D’Amato said there is “no doubt this monster Mengele is alive.” He said Mengele, who entered Paraguay in 1951 and was naturalized as a citizen in 1959, may have fled to Canada in 1962 for a short time, after Israeli intelligence had tracked him down. He said that at that time, a Joseph Menke was in Canada and it is believed this may have been Mengele. (See related story, P. 4.)

D’Amato said that Mengele was in the international drug trade in Paraguay under the name Enrique Wohlman from 1972-79. He said that in 1980, friends in Paraguay received Christmas cards from Mengele from Portugal.

AWAITING RELEASE OF MORE DOCUMENTS

D’Amato and Hier said that the army had provided six of the seven documents requested and would release the other when they received permission from a foreign government. This was confirmed by Lt. Gen. William Odum, Assistant Chief of Staff for Intelligence.

D’Amato said he expected to receive other documents from another government agency which he did not name. The subcommittee received a letter from Sen. Carl Levin (D. Mich.) asking that it help him get the Central Intelligence Agency (CIA) to release information it had on Mengele.

Odum, meanwhile, came under fire from Specter and Metzenbaum for not having sought further information on the Mengele case on his own initiative. Specter refused to accept his excuse that he would cooperate, when asked, with the Justice Department’s Office for Special Investigation (OSI) which is conducting an investigation into the Mengele case.

The OSI refused to send a witness to the hearing. While this was criticized by Specter, Allan Ryan, the former OSI director who conducted the Justice Department’s probe into the U.S. involvement with Nazi war criminal Klaus Barbie, said he agreed with the OSI because the OSI investigation should be kept confidential until completed.

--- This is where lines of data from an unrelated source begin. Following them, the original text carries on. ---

Lemma ec_add_scale (a2 a4 : F) (P Q : ec_point F) :
  ec_add a2 a4 (ec_scale u P) (ec_scale u Q)
  = ec_scale u (ec_add (u ^+ 2 * a2) (u ^+ 4 * a4) P Q).
Proof.
case: P => [[x1 y1]|]; case: Q => [[x2 y2]|] //=.
have u2 : u ^+ 2 != 0 by rewrite expf_neq0.
have u3 : u ^+ 3 != 0 by rewrite expf_neq0.
rewrite (can_eq (divfK u2)) -mulNr (can_eq (divfK u3)).
have [ex|nx] := eqVneq x1 x2; last first.
  have dx : x2 - x1 != 0 by rewrite subr_eq0 eq_sym.
  have -> : (y2 / u ^+ 3 - y1 / u ^+ 3) / (x2 / u ^+ 2 - x1 / u ^+ 2)
          = (y2 - y1) / (x2 - x1) / u by field; rewrite u_neq0 dx.
  by rewrite scale_third_point.
case: (y1 == - y2) => //.
have -> : (3 * (x1 / u ^+ 2) ^+ 2 + 2 * a2 * (x1 / u ^+ 2) + a4) / (2 * (y1 / u ^+ 3))
        = (3 * x1 ^+ 2 + 2 * (u ^+ 2 * a2) * x1 + u ^+ 4 * a4) / (2 * y1) / u.
  have [dy0|dy] := eqVneq (2 * y1) 0.
    by rewrite [2 * (y1 / _)]mulrA dy0 mul0r !invr0 !mulr0 mul0r.
  by field; move: dy; rewrite mulf_eq0 negb_or u_neq0 andbC.
by rewrite scale_third_point.
Qed.

Lemma ec_mul_scale (a2 a4 : F) (n : nat) (P : ec_point F) :
  ec_mul a2 a4 n (ec_scale u P) = ec_scale u (ec_mul (u ^+ 2 * a2) (u ^+ 4 * a4) n P).
Proof. by elim: n => [|n IH] //; rewrite /ec_mul !iterS -/(ec_mul _ _ n _) IH ec_add_scale. Qed.

End WeightedScaling.

Section Cusp.
Variable F : fieldType.

(* On the cusp y^2 = x^3 write p(a) := (a^-2, - a^-3).  The chord through
   p(a) and p(b) (a^2 <> b^2) meets the cusp again at - p(a + b), so that the
   chord law adds parameters.  The slope and coordinates are written exactly
   as [ec_add] computes them with a2 = a4 = 0. *)
Lemma cusp_chord (a b : F) : a != 0 -> b != 0 -> a + b != 0 -> a ^+ 2 != b ^+ 2 ->
  let m := (- b^-1 ^+ 3 - - a^-1 ^+ 3) / (b^-1 ^+ 2 - a^-1 ^+ 2) in
  let x3 := m ^+ 2 - 0 - a^-1 ^+ 2 - b^-1 ^+ 2 in
  x3 = (a + b)^-1 ^+ 2 /\ - (- a^-1 ^+ 3 + m * (x3 - a^-1 ^+ 2)) = - (a + b)^-1 ^+ 3.
Proof.
move=> a0 b0 ab0 ab2 m x3.
have em : m = - (a ^+ 2 + a * b + b ^+ 2) / (a * b * (a + b)).
  by rewrite /m; field; rewrite ab0 a0 b0 mulN1r subr_eq0 ab2.
have ex3 : x3 = (a + b)^-1 ^+ 2 by rewrite /x3 em; field; rewrite a0 b0 ab0.
by split => //; rewrite ex3 em; field; rewrite a0 b0 ab0.
Qed.

Lemma cusp_tangent (a : F) : a != 0 -> (2 : F) != 0 ->
  let m := (3 * (a^-1 ^+ 2) ^+ 2 + 2 * 0 * a^-1 ^+ 2 + 0) / (2 * - a^-1 ^+ 3) in
  let x3 := m ^+ 2 - 0 - a^-1 ^+ 2 - a^-1 ^+ 2 in
  x3 = (a + a)^-1 ^+ 2 /\ - (- a^-1 ^+ 3 + m * (x3 - a^-1 ^+ 2)) = - (a + a)^-1 ^+ 3.
Proof.
move=> a0 two0 m x3.
have em : m = - 3 / (2 * a) by rewrite /m; field; rewrite a0 oppr_eq0 two0.
have aa0 : a + a != 0 by rewrite -mulr2n -mulr_natl mulf_neq0.
have ex3 : x3 = (a + a)^-1 ^+ 2 by rewrite /x3 em; field; rewrite aa0 a0 two0.
by split => //; rewrite ex3 em; field; rewrite aa0 a0 two0.
Qed.

End Cusp.

Section CuspReduction.
Context {F : numFieldType}.
Local Notation K := {fraction {poly F}}.

(* A curve y^2 = x^3 + b2 x^2 + b4 x over K = F(t) reducing at t = 0 to the
   cusp y^2 = x^3.  Characteristic 0 (a numFieldType) keeps the multiples n a
   of a nonzero parameter nonzero. *)
Context {b2 b4 : K}.
Hypotheses (b2_at0 : value_at0 b2 0) (b4_at0 : value_at0 b4 0).

Definition cusp_reduction (P : ec_point K) (a : F) : Prop :=
  a != 0 /\ exists x y, P = Some (x, y) /\
    value_at0 x (a^-1 ^+ 2) /\ value_at0 y (- a^-1 ^+ 3).

(* 2 <> 0 in K, which excludes y = - y for y <> 0 in the doubling formula. *)
Lemma two_neq0 : (2 : K) != 0.
Proof. by apply: (value_at0_neq0 _ (value_at0_nat 2)); rewrite pnatr_eq0. Qed.

(* Reduction commutes with the chord law: x1 <> x2 in K since the reductions
   differ. *)
Lemma cusp_reduction_chord P Q a b : cusp_reduction P a -> cusp_reduction Q b ->
  a + b != 0 -> a ^+ 2 != b ^+ 2 -> cusp_reduction (ec_add b2 b4 P Q) (a + b).
Proof.
move=> [a0 [x1 [y1 [-> [vx1 vy1]]]]] [b0 [x2 [y2 [-> [vx2 vy2]]]]] ab0 ab2 /=.
have [ex|nx] := eqVneq x1 x2.
  case/eqP: ab2; apply: invr_inj; rewrite -!exprVn.
  by rewrite ex in vx1; apply: value_at0_uniq vx1 vx2.
have dx0 : b^-1 ^+ 2 - a^-1 ^+ 2 != 0.
  by rewrite subr_eq0 !exprVn (inj_eq (@invr_inj _)) eq_sym.
have vm := value_at0M (value_at0B vy2 vy1) (value_at0V dx0 (value_at0B vx2 vx1)).
have vx3 := value_at0B (value_at0B (value_at0B (value_at0X 2 vm) b2_at0) vx1) vx2.
have vy3 := value_at0N (value_at0D vy1 (value_at0M vm (value_at0B vx3 vx1))).
have [ex3 ey3] := cusp_chord a0 b0 ab0 ab2.
rewrite ex3 in vx3; rewrite ey3 in vy3.
by split=> //; do 2 eexists.
Qed.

Odum was especially criticized when he said he had no information about one of the released documents in which Ben Gorby, a special agent of the 970th Counterintelligence Corps (CIC), wrote in 1947 to the commanding officer of the 430th CIC detachment in Vienna stating that he had learned that Mengele had been arrested in Vienna and in the U.S. zone of Germany. Gorby asked that Mengele be interrogated about the fate of approximately 20 Jewish children removed by him at Auschwitz.

Odum said it has been difficult to locate either Gorby or the commanding officer of the CIC in Vienna at that time. But Hier later testified that he has interviewed Gorby in Israel and has the names in Los Angeles of the CIC commander and other top officers.

Ryan stressed that any investigation should not only include the U.S. but all countries, especially in Europe and South America.

TESTIMONY FROM A VICTIM

The subcommittee also heard testimony from Mark Berkowitz, who along with his sister, was one of the Jewish twins Mengele experimented on, and Emest Michel, executive vice president of the United Jewish Appeal-Federation of Greater New York, who testified that as a young inmate of Auschwitz, he helped carry eight women to Mengele for experiments.

Berkowitz, who saw his mother being taken to the gas chamber, said she urged him then not to hate. He said he was speaking out not from hatred but for the thousands of soldiers who died fighting against the Nazis. “What did they die for, so that this man could live and be free?” he declared. “For the sake of future generations, for my grandson, and for the little babies I saw marched every day to the gas chambers, help bring Mengele to justice.”

Metzenbaum said it is critical that Mengele, who is 73, be brought to justice before he dies.